**WHAT IS EXPECTED**
Give as output the line that contains "have uE : u", followed by every remaining line of the entries, unchanged and with nothing added.

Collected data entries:
- - - - -
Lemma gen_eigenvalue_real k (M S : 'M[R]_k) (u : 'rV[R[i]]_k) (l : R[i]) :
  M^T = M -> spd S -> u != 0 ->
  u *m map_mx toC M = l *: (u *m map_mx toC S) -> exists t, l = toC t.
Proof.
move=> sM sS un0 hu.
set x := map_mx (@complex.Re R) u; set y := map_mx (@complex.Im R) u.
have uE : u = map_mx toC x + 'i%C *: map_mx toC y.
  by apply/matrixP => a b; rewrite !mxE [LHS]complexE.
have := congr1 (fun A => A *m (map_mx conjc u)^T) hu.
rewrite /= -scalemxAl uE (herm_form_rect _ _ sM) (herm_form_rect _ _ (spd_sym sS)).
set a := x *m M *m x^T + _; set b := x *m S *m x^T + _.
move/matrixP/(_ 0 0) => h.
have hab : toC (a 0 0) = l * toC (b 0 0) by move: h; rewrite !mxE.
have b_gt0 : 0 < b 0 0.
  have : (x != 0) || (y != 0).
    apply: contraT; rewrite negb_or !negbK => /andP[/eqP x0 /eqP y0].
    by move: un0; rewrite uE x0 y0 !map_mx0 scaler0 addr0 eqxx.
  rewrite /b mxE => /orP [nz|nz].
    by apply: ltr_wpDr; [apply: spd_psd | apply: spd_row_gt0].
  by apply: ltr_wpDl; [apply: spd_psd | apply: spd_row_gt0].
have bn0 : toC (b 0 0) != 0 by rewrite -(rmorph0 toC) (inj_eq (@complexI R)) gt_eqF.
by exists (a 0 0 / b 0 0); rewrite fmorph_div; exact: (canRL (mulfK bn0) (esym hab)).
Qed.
- - - - -
**RESPONSE BOX**
have uE : u = map_mx toC x + 'i%C *: map_mx toC y.
  by apply/matrixP => a b; rewrite !mxE [LHS]complexE.
have := congr1 (fun A => A *m (map_mx conjc u)^T) hu.
rewrite /= -scalemxAl uE (herm_form_rect _ _ sM) (herm_form_rect _ _ (spd_sym sS)).
set a := x *m M *m x^T + _; set b := x *m S *m x^T + _.
move/matrixP/(_ 0 0) => h.
have hab : toC (a 0 0) = l * toC (b 0 0) by move: h; rewrite !mxE.
have b_gt0 : 0 < b 0 0.
  have : (x != 0) || (y != 0).
    apply: contraT; rewrite negb_or !negbK => /andP[/eqP x0 /eqP y0].
    by move: un0; rewrite uE x0 y0 !map_mx0 scaler0 addr0 eqxx.
  rewrite /b mxE => /orP [nz|nz].
    by apply: ltr_wpDr; [apply: spd_psd | apply: spd_row_gt0].
  by apply: ltr_wpDl; [apply: spd_psd | apply: spd_row_gt0].
have bn0 : toC (b 0 0) != 0 by rewrite -(rmorph0 toC) (inj_eq (@complexI R)) gt_eqF.
by exists (a 0 0 / b 0 0); rewrite fmorph_div; exact: (canRL (mulfK bn0) (esym hab)).
Qed.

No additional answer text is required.